Test Standards (International)

ASTM D3080(Direct shear test)

ASTM D5298(Suction measurement)

ASTM D6836(Unsaturated soil test methods, including axis‑translation technique)

ISO 17892‑10(Direct shear test)

BS 1377‑7(Direct shear test)

ASTM D7608(Residual strength – for reference)

The equipment controls matric suction using the axis‑translation technique and meets the basic requirements of the above standards for unsaturated soil testing.

Specification

Detail

• Axis‑translation technique– Applies pore air pressure (uₐ) while maintaining pore water pressure (u_w = 0 or controlled), enabling independent control of matric suction s = uₐ – u_w.
• High‑air‑entry ceramic disk– 500 kPa air‑entry value (imported), capable of controlling suction in the range 0‑500 kPa, covering most unsaturated soil testing needs.
• Diffused air flushing device– Fully automatic periodic flushing of air bubbles that accumulate under the ceramic disk, preventing blockage of water pathways and ensuring stable suction control; also measures the volume of diffused air for drainage correction.
• Normal loading difference–
• 2U: maximum normal stress 400 kPa, suitable for shallow unsaturated soils or low‑stress tests.
• 2UM: maximum normal stress 3200 kPa, can simulate deep unsaturated soils or high‑stress conditions.
• Horizontal shear force– 2U: 5 kN (max shear stress ~1.67 MPa); 2UM: 10 kN (~3.3 MPa), suitable for high‑strength or coarse‑grained soils.
• High‑precision volume measurement– Volume change resolution 0.001 mL, ideal for monitoring small drainage/absorption changes in unsaturated soils.
• Temperature control option– 5‑40 ℃ system for studying temperature effects on unsaturated soil strength.
• Software functions– Automatic data acquisition, real‑time curve display, calculation of shear strength parameters.

Application

• Unsaturated slope stability– Determine c′, φ′, φᵇ under different net normal stresses and suctions for rainfall‑induced landslide analysis.
• Expansive and collapsible soils– Study the effect of suction (water content) changes on shear strength.
• Landfill covers– Evaluate unsaturated soil mechanical behaviour.
• Subgrades and foundations– Obtain strength parameters for soils above the capillary zone.
• Deep unsaturated soils– The 2UM model can simulate normal stresses up to 3.2 MPa, suitable for deep soil layers or high fills.
• Temperature effect studies– Optional temperature control system for studying temperature‑suction‑strength coupling (e.g., geothermal, nuclear waste disposal).

Advantages

• Fully automatic suction control– Axis‑translation combined with an automatic diffused air flushing device ensures long‑term stable suction control.
• High‑precision measurement– Displacement 0.001 mm, volume change 0.001 mL, pore water pressure 0.1 kPa – meeting research‑grade requirements.
• Two models cover wide stress range– 400 kPa for conventional unsaturated soils, 3200 kPa for deep high‑stress soils.
• High shear force option– 2UM provides 10 kN horizontal force for testing high‑strength or coarse soils.
• Automatic diffused air flushing– Eliminates manual intervention, ensures test continuity and improves data reliability.
• High resolution volume measurement– 0.001 mL accurately captures small volume changes during drainage/absorption.
• Temperature control option– Optional 5‑40 ℃ module for studying temperature‑suction‑strength coupling.
• Easy operation– Membrane keypad + LCD screen, with Windows software for fully automated test procedures.

What To Choose

Select the model based on testing requirements:

Note: If a different specimen size (other than Ø61.8 mm) is required, custom shear boxes can be ordered from the manufacturer.

Process Flow

Example:Unsaturated direct shear test (consolidated drained, controlling net normal stress and suction)using BTU-2U or 2UM.

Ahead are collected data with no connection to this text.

(* A finite alternating sequence s0 a1 s1 ... ak sk, stored as its first state
   and the list of pairs (a_i, s_i), i = 1..k. *)
Record frag (St Act : Type) := Frag { ffirst : St; ftrans : list (Act * St) }.
Arguments Frag {St Act} _ _.
Arguments ffirst {St Act} _.
Arguments ftrans {St Act} _.

Definition flen {St Act} (f : frag St Act) : nat := length (ftrans f).
Definition fstates {St Act} (f : frag St Act) : list St :=
  ffirst f :: map snd (ftrans f).
(* state s_i (meaningful for i <= flen f) *)
Definition fstate {St Act} (f : frag St Act) (i : nat) : St :=
  nth i (fstates f) (ffirst f).
(* action a_{i+1} (meaningful for i < flen f); default is irrelevant *)
Definition fact {St Act} (dflt : Act) (f : frag St Act) (i : nat) : Act :=
  nth i (map fst (ftrans f)) dflt.
Definition flast {St Act} (f : frag St Act) : St := last (fstates f) (ffirst f).

Definition frag1 {St Act} (s : St) : frag St Act := Frag s [].
Definition frag2 {St Act} (t : St) (a : Act) (s : St) : frag St Act :=
  Frag t [(a, s)].

Unset Implicit Arguments.
Section Exec.
Context {Act : Type} {tau : Act}.

Definition is_frag (A : automaton tau) (f : frag (state A) Act) : Prop :=
  forall i, i < flen f -> step A (fstate f i) (fact tau f i) (fstate f (S i)).

Definition is_exec (A : automaton tau) (f : frag (state A) Act) : Prop :=
  is_frag A f /\ start A (ffirst f).

Definition index_relation (A B : automaton tau) (R : state A -> state B -> Prop)
  (al : frag (state A) Act) (al' : frag (state B) Act) (I : nat -> nat -> Prop) : Prop :=
  (forall i j, I i j -> i <= flen al /\ j <= flen al') /\
  (forall i j, I i j -> R (fstate al i) (fstate al' j)) /\
  (forall i j i' j', I i j -> I i' j' -> i < i' -> j <= j') /\
  (forall i, i <= flen al -> exists j, I i j) /\
  (forall j, j <= flen al' -> exists i, I i j) /\
  (forall i j, I i j -> I (S i) (S j) -> fact tau al i = fact tau al' j) /\
  (forall i j, I i j -> I (S i) j -> fact tau al i = tau) /\
  (forall i j, I i j -> I i (S j) -> fact tau al' j = tau).

Definition R_related (A B : automaton tau) (R : state A -> state B -> Prop)
  (al : frag (state A) Act) (al' : frag (state B) Act) : Prop :=
  exists I, index_relation A B R al al' I.

(* domain (steps(A) ∪ start(A)): a start state, or a step (t,a,s) *)
Definition step_or_start (A : automaton tau) : Type :=
  (state A + (state A * Act * state A))%type.

Definition total_rel (A B : automaton tau) (b : state A -> state B -> Prop) : Prop :=
  forall s, exists u, b s u.

Definition wf_strict_order (S : Type) (lt : S -> S -> Prop) : Prop :=
  well_founded lt /\ (forall x, ~ lt x x) /\
  (forall x y z, lt x y -> lt y z -> lt x z).

Definition normed_backward_simulation (A B : automaton tau)
  (b : state A -> state B -> Prop) (S : Type) (lt : S -> S -> Prop)
  (n : step_or_start A -> state B -> S) : Prop :=
  total_rel A B b /\
  (forall s u, start A s -> b s u ->
     start B u \/
     exists v, b s v /\ step B v tau u /\ lt (n (inl s) v) (n (inl s) u)) /\
  (forall t a s u, step A t a s -> b s u ->
     (b t u /\ a = tau) \/
     (exists v, b t v /\ step B v a u) \/
     (exists v, b s v /\ step B v tau u /\
        lt (n (inr (t, a, s)) v) (n (inr (t, a, s)) u))).

Definition branching_backward_simulation (A B : automaton tau)
  (b : state A -> state B -> Prop) : Prop :=
  total_rel A B b /\
  (forall s u, start A s -> b s u ->
     exists be, is_exec B be /\ flast be = u /\ R_related A B b (frag1 s) be) /\
  (forall t a s u, step A t a s -> b s u ->
     exists be, is_frag B be /\ flast be = u /\ R_related A B b (frag2 t a s) be).

(* minimal natural number satisfying P (arbitrary if none) *)
Definition min_nat (P : nat -> Prop) : nat :=
  epsilon (inhabits 0) (fun k => P k /\ forall m, P m -> k <= m).

Definition branching_norm (A B : automaton tau) (b : state A -> state B -> Prop)
  (x : step_or_start A) (u : state B) : nat :=
  match x with
  | inl s =>
      if excluded_middle_informative (b s u) then
        min_nat (fun k => exists be, is_exec B be /\ flast be = u /\
                   R_related A B b (frag1 s) be /\ flen be = k)
      else 0
  | inr (t, a, s) =>
      if excluded_middle_informative (b s u) then
        min_nat (fun k => exists be, is_frag B be /\ flast be = u /\
                   R_related A B b (frag2 t a s) be /\ flen be = k)
      else 0
  end.

End Exec.

(* (1) By well-founded induction on [n(x, u)]: in cases (a) and (b) of the
   normed simulation a fragment of length 0 or 1 is related to [s] or [t a s];
   in case (c) the fragment obtained for [v] is extended by the tau-step to
   [u], which stutters against the last state of A's fragment.
   (2) Take a shortest related fragment of B ending in [u].  Either it is
   trivial (u is a start state, resp. case (a)), or its last step is matched
   with the step [t a s] (case (b)), or it is a tau-step stuttering against
   [s]; then its prefix is a strictly shorter related fragment ending in a
   [v] with [b s v], so the norm decreases (case (c)). *)
From Pilot Require Import Defs.
From Stdlib Require Import List Arith Lia Classical ClassicalEpsilon Inverse_Image.
Import ListNotations.

Definition snoc {St Ac} (f : frag St Ac) (c : Ac) (u : St) : frag St Ac :=
  Frag (ffirst f) (ftrans f ++ [(c, u)]).

Section Fragments.
Context {St Ac : Type}.
Implicit Types (f : frag St Ac).

Lemma flen_snoc f c u : flen (snoc f c u) = S (flen f).
Proof. unfold flen, snoc; simpl. rewrite length_app; simpl; lia. Qed.

Lemma fstate_snoc f c u j : j <= flen f -> fstate (snoc f c u) j = fstate f j.
Proof.
  intros Hj. unfold fstate, fstates, snoc; cbn [ffirst ftrans].
  rewrite map_app, app_comm_cons. apply app_nth1.
  simpl. rewrite length_map. unfold flen in Hj. lia.
Qed.

Lemma fstate_snoc_last f c u : fstate (snoc f c u) (S (flen f)) = u.
Proof.
  unfold fstate, fstates, snoc, flen; cbn [ffirst ftrans].
  rewrite map_app, app_comm_cons, app_nth2; simpl; rewrite length_map; [|lia].
  now rewrite Nat.sub_diag.
Qed.

Lemma fact_snoc (d : Ac) f c u j : j < flen f -> Defs.fact d (snoc f c u) j = Defs.fact d f j.
Proof.
  intros Hj. unfold Defs.fact, snoc; cbn [ffirst ftrans].
  rewrite map_app. apply app_nth1. now rewrite length_map.
Qed.

Lemma fact_snoc_last (d : Ac) f c u : Defs.fact d (snoc f c u) (flen f) = c.
Proof.
  unfold Defs.fact, snoc, flen; cbn [ffirst ftrans].
  rewrite map_app, app_nth2; rewrite length_map; [|lia].
  now rewrite Nat.sub_diag.
Qed.

Lemma flast_snoc f c u : flast (snoc f c u) = u.
Proof.
  unfold flast, fstates, snoc; cbn [ffirst ftrans].
  rewrite map_app, app_comm_cons. apply last_last.
Qed.

Lemma frag_nil_or_snoc f : ftrans f = [] \/ exists f' c u, f = snoc f' c u.
Proof.
  destruct f as [x tr]. destruct tr as [|[c u] tr] using rev_ind; [now left|].
  right. now exists (Frag x tr), c, u.
Qed.

Lemma flast_nil f : ftrans f = [] -> flast f = ffirst f.
Proof. intros H. unfold flast, fstates. now rewrite H. Qed.

Lemma flast_fstate f : flast f = fstate f (flen f).
Proof.
  destruct (frag_nil_or_snoc f) as [H|[f' [c [u ->]]]].
  - unfold flast, fstate, fstates, flen. now rewrite H.
  - now rewrite flast_snoc, flen_snoc, fstate_snoc_last.
Qed.

End Fragments.

Lemma min_nat_spec (P : nat -> Prop) :
  (exists k, P k) -> P (min_nat P) /\ forall m, P m -> min_nat P <= m.
Proof.
  intros [k Hk]. apply (epsilon_spec (inhabits 0) (fun k => P k /\ forall m, P m -> k <= m)).
  induction k as [k IH] using lt_wf_ind.
  destruct (classic (exists m, P m /\ m < k)) as [[m [Hm Hlt]]|Hnone].
  - exact (IH m Hlt Hm).
  - exists k. split; [exact Hk|]. intros m Hm.
    destruct (le_lt_dec k m); [assumption|]. exfalso; eauto.
Qed.

Section Relations.
Context {Act : Type} {tau : Act} (A B : automaton tau).
Implicit Types (R : state A -> state B -> Prop)
  (al : frag (state A) Act) (be : frag (state B) Act).

Lemma is_frag_frag1 (u : state B) : is_frag B (frag1 u).
Proof. intros i Hi. unfold flen in Hi; cbn in Hi; lia. Qed.

Lemma is_frag_frag2 (v : state B) a u : step B v a u -> is_frag B (frag2 v a u).
Proof. intros H i Hi. unfold flen in Hi; cbn in Hi. now replace i with 0 by lia. Qed.

Lemma is_frag_snoc be c u :
  is_frag B be -> step B (flast be) c u -> is_frag B (snoc be c u).
Proof.
  intros Hbe Hstep i Hi. rewrite flen_snoc in Hi.
  destruct (Nat.eq_dec i (flen be)) as [->|Hne].
  - rewrite fact_snoc_last, fstate_snoc_last, fstate_snoc, <- flast_fstate by lia.
    exact Hstep.
  - rewrite fact_snoc, !fstate_snoc by lia. apply Hbe. lia.
Qed.

Lemma is_frag_snocE be c u :
  is_frag B (snoc be c u) -> is_frag B be /\ step B (flast be) c u.
Proof.
  intros Hbe. split.
  - intros i Hi. specialize (Hbe i). rewrite flen_snoc in Hbe.
    rewrite fact_snoc, !fstate_snoc in Hbe by lia. apply Hbe. lia.
  - specialize (Hbe (flen be)).
    rewrite flen_snoc, fact_snoc_last, fstate_snoc_last, fstate_snoc in Hbe by lia.
    rewrite flast_fstate. apply Hbe. lia.
Qed.

Lemma index_relation_last R al be I :
  index_relation A B R al be I -> I (flen al) (flen be).
Proof.
  intros [Hbnd [_ [Hmono [HcovA [HcovB _]]]]].
  destruct (HcovB (flen be) (le_n _)) as [i Hi]. pose proof (Hbnd _ _ Hi).
  destruct (Nat.eq_dec i (flen al)) as [<-|]; [exact Hi|].
  destruct (HcovA (flen al) (le_n _)) as [j Hj]. pose proof (Hbnd _ _ Hj).
  assert (flen be <= j) by (apply (Hmono _ _ _ _ Hi Hj); lia).
  now replace (flen be) with j by lia.
Qed.

Lemma R_related_flast R al be : R_related A B R al be -> R (flast al) (flast be).
Proof.
  intros [I HI]. rewrite !flast_fstate.
  apply (proj1 (proj2 HI)), (index_relation_last _ _ _ _ HI).
Qed.

Lemma R_related_snoc_tau R al be u :
  R_related A B R al be -> R (flast al) u -> R_related A B R al (snoc be tau u).
Proof.
  intros [I HI] Hu. pose proof (index_relation_last _ _ _ _ HI) as Hlast.
  destruct HI as [Hbnd [HR [Hmono [HcovA [HcovB [Hsync [HstutA HstutB]]]]]]].
  rewrite flast_fstate in Hu.
  exists (fun i j => I i j \/ (i = flen al /\ j = S (flen be))).
  split; [|split; [|split; [|split; [|split; [|split; [|split]]]]]].
  - intros i j [H|[-> ->]]; rewrite flen_snoc; [apply Hbnd in H|]; lia.
  - intros i j [H|[-> ->]].
    + pose proof (Hbnd _ _ H). rewrite fstate_snoc by lia. auto.
    + now rewrite fstate_snoc_last.
  - intros i j i' j' [H|[-> ->]] [H'|[-> ->]] Hlt;
      [eauto|apply Hbnd in H|apply Hbnd in H'|]; lia.
  - intros i Hi. destruct (HcovA i Hi) as [j Hj]; eauto.
  - intros j Hj. rewrite flen_snoc in Hj.
    destruct (Nat.eq_dec j (S (flen be))) as [->|Hne].
    + exists (flen al); now right.
    + destruct (HcovB j ltac:(lia)) as [i Hi]; eauto.
  - intros i j [H|[-> ->]] [H'|[Hi Hj]];
      [|injection Hj as ->|apply Hbnd in H'; lia|lia].
    + pose proof (Hbnd _ _ H'). rewrite fact_snoc by lia. eauto.
    + rewrite fact_snoc_last. apply (HstutA i (flen be)); [|rewrite Hi]; assumption.
  - intros i j [H|[-> ->]] [H'|[Hi Hj]];
      [eauto|apply Hbnd in H|apply Hbnd in H'|]; lia.
  - intros i j [H|[-> ->]] [H'|[Hi Hj]];
      [|injection Hj as ->|apply Hbnd in H'; lia|lia].
    + pose proof (Hbnd _ _ H'). rewrite fact_snoc by lia. eauto.
    + apply fact_snoc_last.
Qed.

• Ceramic disk preparation

Soak the 500 kPa ceramic disk in de‑aired water and apply vacuum to saturate (remove air bubbles).

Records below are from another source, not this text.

(* Let $c,d>0$ and let $\mathcal R(c,d)=(0,c)\times(0,d)\subset\mathbb R^2$. Let $u$ be a real-valued Neumann eigenfunction of the Laplacian on $\mathcal R(c,d)$, i.e. $-\Delta u=\lambda u$ in $\mathcal R(c,d)$ for some $\lambda$, with $\frac{\partial u}{\partial \nu}=0$ on $\partial\mathcal R(c,d)$, where $\nu$ is the outward normal. If $u>0$ on $\partial\mathcal R(c,d)$, then $u$ is constant (necessarily a positive constant).
   Context: The Neumann eigenvalues of $\mathcal R(c,d)$ are $\lambda_{m,n}=\pi^2(m^2/c^2+n^2/d^2)$, $(m,n)\in\mathbb N_0^2$, with eigenfunctions $\cos(m\pi x/c)\cos(n\pi y/d)$; an eigenfunction for a (possibly degenerate) eigenvalue $\lambda$ is any nonzero real linear combination of those $\cos(m\pi x/c)\cos(n\pi y/d)$ with $\lambda_{m,n}=\lambda$. The eigenfunction is smooth up to the boundary, so its boundary values make sense. *)

From Stdlib Require Import Reals Lra.
Open Scope R_scope.

Definition in_closed_rect (c d x y : R) : Prop :=
  0 <= x <= c /\ 0 <= y <= d.

Definition on_boundary (c d x y : R) : Prop :=
  in_closed_rect c d x y /\ (x = 0 \/ x = c \/ y = 0 \/ y = d).

Definition neumann_ev (c d : R) (m n : nat) : R :=
  PI ^ 2 * (INR m ^ 2 / c ^ 2 + INR n ^ 2 / d ^ 2).

Definition neumann_mode (c d : R) (m n : nat) (x y : R) : R :=
  cos (INR m * PI * x / c) * cos (INR n * PI * y / d).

Install the ceramic disk into the shear box base, ensuring a good seal. Connect the flushing lines.

• Specimen preparation

Cut undisturbed unsaturated soil or prepare remoulded specimen using a Ø61.8×20 mm cutting ring.

Measure initial water content and density.

• Specimen installation

Place the specimen on the ceramic disk, then install porous stone and loading plate.

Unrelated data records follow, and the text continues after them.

Lemma Delta_full : exists u v : L set0, Delta u v = setT.
Proof.
have [u [v neq_uv]] : exists u v : L set0, u <> v.
  apply: NNPP => all_eq.
  have [th [th_c phi_th]] : exists th, compact_con th /\ phi set0 th = setT.
    by apply: phi_onto; rewrite DC0 !inE eqxx orbT.
  have th0 : th = @con_zero _ (L set0).
    apply: rel_ext => x y; split=> [_ | ->]; last exact: cong_refl (compact_con_cong th_c).
    by apply: NNPP => neq_xy; apply: all_eq; exists x, y.
  by move: (phi_zero set0); rewrite -th0 phi_th => /setP /(_ t0); rewrite !inE.
exists u, v; move: (phi_in (Theta_compact u v)); rewrite DC0 !inE.
by case/orP=> /eqP // /Delta_eq0.
Qed.

Lemma Delta_split (p : {set 'I_3}) (a b : {set 'I_5}) : permutable_congruences (L p) ->
  a \in DC p -> b \in DC p -> a :|: b = setT ->
  forall x y : L p, exists z, Delta x z \subset a /\ Delta z y \subset b.
Proof.
move=> perm /phi_onto[al [al_c <-]] /phi_onto[be [be_c <-]] cover x y.
have le_xy : forall s t, Theta x y s t -> con_join al be s t.
  apply/phi_subset; [exact: Theta_compact | exact: con_join_compact |].
  by rewrite phi_join // cover subsetT.
have [z [al_xz be_zy]] := permutable_con_join perm
  (compact_con_cong al_c) (compact_con_cong be_c) (le_xy _ _ (Theta_self x y)).
exists z; split; (apply/phi_subset; first exact: Theta_compact; first by []).
- exact: Theta_min (compact_con_cong al_c) al_xz.
- exact: Theta_min (compact_con_cong be_c) be_zy.
Qed.

Definition from_K i (c : L setT) := exists z : L [set i], c = f [set i] setT z.

Lemma Delta_split_lift (u v : L set0) i : exists c, [/\ from_K i c,
  Delta (f set0 setT u) c \subset alpha i & Delta c (f set0 setT v) \subset beta i].
Proof.
have in_Si Y : Y \in [set alpha i; beta i] -> Y \in DC [set i].
  by rewrite DC1 gS_alpha_beta; exact: mem_span.
have [z [uz zv]] := Delta_split (K_permutable (i := i)) (in_Si _ (set21 _ _)) (in_Si _ (set22 _ _))
  (alpha_beta_cover i) (f set0 [set i] u) (f set0 [set i] v).
exists (f [set i] setT z); split; first by exists z.
- by rewrite (f_comp u (sub0set [set i]) (subsetT _)) !Delta_map ?subsetT ?sub0set.
- by rewrite (f_comp v (sub0set [set i]) (subsetT _)) !Delta_map ?subsetT ?sub0set.
Qed.

Lemma Delta_from_K_span i j k c c' : k != i -> k != j -> from_K i c -> from_K j c' ->
  Delta c c' \in span (gT k).
Proof.
move=> ki kj [z ->] [z' ->].
have sub_i : [set i] \subset ~: [set k] by rewrite sub1set !inE eq_sym.
have sub_j : [set j] \subset ~: [set k] by rewrite sub1set !inE eq_sym.
rewrite (f_comp z sub_i (subsetT _)) (f_comp z' sub_j (subsetT _)) Delta_map ?subsetT //.
by rewrite -DC2; exact: phi_in (Theta_compact _ _).
Qed.

Lemma Dc_not_lifted : False.
Proof.
have [u [v Delta_uv]] := Delta_full.
have := Dc_obstruction (@Delta_sym _) (@Delta_triangle _) (Delta_split_lift u v)
  Delta_from_K_span.
by rewrite Delta_map ?sub0set // Delta_uv inE.
Qed.

End Diagram.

Assemble the upper shear box and place the assembly into the direct shear apparatus.

Connect the pore air pressure line (to the top of the shear box) and the pore water pressure sensor (below the ceramic disk).

Connect the volume change measurement system (to the drainage line).

• Apply suction

Apply target air pressure (e.g., 100 kPa) via the pore air pressure controller.

Drainage line is open to atmosp, so matric suction s = uₐ = 100 kPa.

Start the automatic diffused air flushing device (periodic flushing), record volume change until drainage stabilises.

• Apply net normal stress

Apply target net normal stress σ_net (e.g., 200 kPa) via the automatic normal loading system.

Total normal stress σ = σ_net + uₐ = 300 kPa.

Record normal displacement until consolidation is stable.

• Set shear parameters

In the software, set shear rate (e.g., 0.02 mm/min for slow shear or 0.8 mm/min for fast shear).

Set shear displacement limit (e.g., 6 mm).

Select “standard shear module” or “fast shear module”.

• Start shearing

Start the horizontal stepper motor to move the shear box.

Software records horizontal shear force, horizontal displacement, normal displacement, volume change, pore water pressure, and time in real time.

Plot shear stress‑displacement curve.

• Stop condition

Automatically stops when the preset shear displacement is reached or after a clear peak shear stress drop.

• Disassembly and cleaning

Unload normal force, release pore air pressure.

Remove specimen, clean shear box and ceramic disk.

Run the flushing device to clean the lines under the ceramic disk.

• Data processing

Software calculates peak shear stress (or residual shear stress).

For constant suction and varying net normal stress, plot Mohr‑Coulomb envelope to obtain effective stress strength parameters c′ and φ′.

For constant net normal stress and varying suction, calculate φᵇ.

Generate test report.

Summary:The BTU-2U/2UM are fully automatic unsaturated direct shear apparatuses using axis‑translation for suction control, equipped with an automatic diffused air flushing device and high‑precision sensors. The 2U is suitable for conventional unsaturated soils (max. normal stress 400 kPa), while the 2UM is designed for high‑stress deep unsaturated soils (max. 3200 kPa). Both support an optional temperature control system. They are applicable to slope stability, expansive soils, landfill covers, deep fills, and other research fields. Selection should be based primarily on the required normal stress range and shear force capacity.